Troisième constat : la transition ne se fera pas sans une recomposition des compétences requises. Le rapport de l'International Transport Forum sur les camions sans conducteur souligne que la disparition du métier de chauffeur, si elle survient, sera graduelle et accompagnée par l'apparition de nouveaux métiers de supervision et de maintenance.

Pour les salariés en poste, deux leviers d'adaptation sont fréquemment cités par les branches professionnelles : la formation continue aux nouvelles technologies (capteurs, supervision, maintenance électronique) et la reconversion assistée vers les métiers émergents (voir section suivante).

Sources : ITF, Driverless Trucks ; OCDE, rapports automatisation et marché du travail ; France Travail, enquêtes BMO ; observatoire prospectif transport-logistique ; AFT.

5. Métiers émergents : superviseur, téléopérateur, technicien capteurs

L'automatisation ne se traduit pas par une simple soustraction de postes.
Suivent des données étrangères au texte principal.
Lemma models_linear_dep_union (F : factset C P -> Prop) (d : dependency C P) :
  linear d ->
  (forall R, F R -> models R (dep_formula d)) ->
  models (factset_union F) (dep_formula d).
Proof.
  intros Hlin; unfold models, dep_formula; generalize (env0 C).
  induction (dep_vars d) as [|x xs IH]; simpl; intros nu HF.
  - intros Hbody.
    destruct (sat_linear_body_union F nu Hlin Hbody) as [R [FR HbodyR]].
    apply (sat_ucq_mono _ _ (subset_factset_union F FR)), (HF R FR), HbodyR.
  - intros c _; apply IH; intros R FR; apply (HF R FR c I).
Qed.

Section LinearDependencies.
Variables (Sigma : list (dependency C P)) (D : factset C P).
Hypothesis Sigma_linear : forall d, In d Sigma -> linear d.

Definition consistent_subset (R : factset C P) : Prop :=
  subset R D /\ consistent Sigma R.

Lemma repair_union_consistent_subset :
  repair Sigma D (factset_union consistent_subset).
Proof.
  split; [|split].
  - intros f [R [[RD _] Rf]]; auto.
  - intros d Hd; apply models_linear_dep_union; auto.
    intros R [_ Rc]; auto.
  - intros R' _ R'D R'c; apply subset_factset_union; split; auto.
Qed.

Lemma repair_unique {R} :
  repair Sigma D R -> forall f, R f <-> factset_union consistent_subset f.
Proof.
  intros [RD [Rc Rmax]] f; split.
  - apply subset_factset_union; split; auto.
  - apply Rmax; [apply subset_factset_union; split; auto | apply repair_union_consistent_subset..].
Qed.

Lemma repairs_inter_union_consistent_subset f :
  repairs_inter Sigma D f <-> factset_union consistent_subset f.
Proof.
  split.
  - intros H; apply H, repair_union_consistent_subset.
  - intros H R HR; apply (repair_unique HR); auto.
Qed.

Lemma linear_AR_iff_IAR phi :
  AR_entails Sigma D phi <-> IAR_entails Sigma D phi.
Proof.
  unfold AR_entails, IAR_entails, models.
  rewrite (sat_ext _ repairs_inter_union_consistent_subset).
  split.
  - intros H; apply H, repair_union_consistent_subset.
  - intros H R HR; apply (sat_ext _ (repair_unique HR)); auto.
Qed.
Elle fait apparaître des fonctions nouvelles, qui requièrent des compétences hybrides entre conduite, maintenance et numérique.

5.1 Le superviseur de flotte autonome

Depuis un centre de contrôle, le superviseur surveille en temps réel plusieurs véhicules autonomes, gère les alertes, valide les décisions complexes (par exemple : autoriser un dépassement, gérer une zone de chantier). Le métier se rapproche du contrôleur aérien, à des échelles plus modestes.

5.2 Le téléopérateur

Quand le véhicule autonome rencontre une situation qu'il ne sait pas gérer, le téléopérateur prend la main à distance pour quelques minutes, le temps de débloquer la situation. Cette fonction est déjà déployée dans plusieurs services de robotaxis et de camions autonomes en phase pilote.

5.3 Le technicien capteurs et systèmes embarqués

Les véhicules autonomes embarquent des dizaines de capteurs (caméras, LiDAR, radars, ultrasons), un calculateur central et un logiciel embarqué complexe. Leur entretien fait émerger un métier de technicien spécialisé, à mi-chemin entre la mécanique poids lourd traditionnelle et l'électronique embarquée.

Sources : AFT, observatoire prospectif transport ; Pôle Mobilités, fiches métiers émergents ; FNTR / TLF, prises de position branches.

6. Cadre réglementaire européen et français

La conduite automatisée s'inscrit dans un faisceau de textes européens et internationaux. La Convention de Vienne sur la circulation routière (1968) a été amendée à plusieurs reprises pour autoriser explicitement les systèmes automatisés homologués.

Au niveau européen, le règlement (UE) 2019/2144 impose progressivement des systèmes d'aide à la conduite (freinage d'urgence, maintien dans la voie, etc.) sur les véhicules neufs. Les règlements UNECE WP.29 définissent les exigences techniques d'homologation des systèmes automatisés (notamment R155 cybersécurité, R156 mises à jour logicielles, R157 ALKS).

En France, l'ordonnance n° 2021-443 du 14 avril 2021 et son décret d'application définissent un cadre de circulation pour les véhicules automatisés, incluant la responsabilité pénale du système. Le code de la route a été adapté pour intégrer ces nouvelles configurations.

Pour la responsabilité civile en cas d'accident, la loi Badinter du 5 juillet 1985 continue de s'appliquer, l'indemnisation des victimes restant assurée. Le partage de responsabilité entre conducteur, propriétaire et constructeur fait l'objet d'une jurisprudence en construction.

Sources : Convention de Vienne 1968 (amendements UNECE) ; règlement (UE) 2019/2144 ; règlements UNECE R155, R156, R157 ; ordonnance n° 2021-443 du 14 avril 2021 ; loi n° 85-677 du 5 juillet 1985.

Conclusion : préparer la transition plutôt que la subir

La conduite autonome ne va pas faire disparaître du jour au lendemain les métiers du transport et de la logistique. Elle va, en revanche, en recomposer une partie sur 10 à 20 ans, avec une intensité variable selon les segments. Le risque pour les salariés n'est pas la disparition immédiate, mais la spécialisation du marché sur les compétences hybrides — conduite, supervision, maintenance électronique.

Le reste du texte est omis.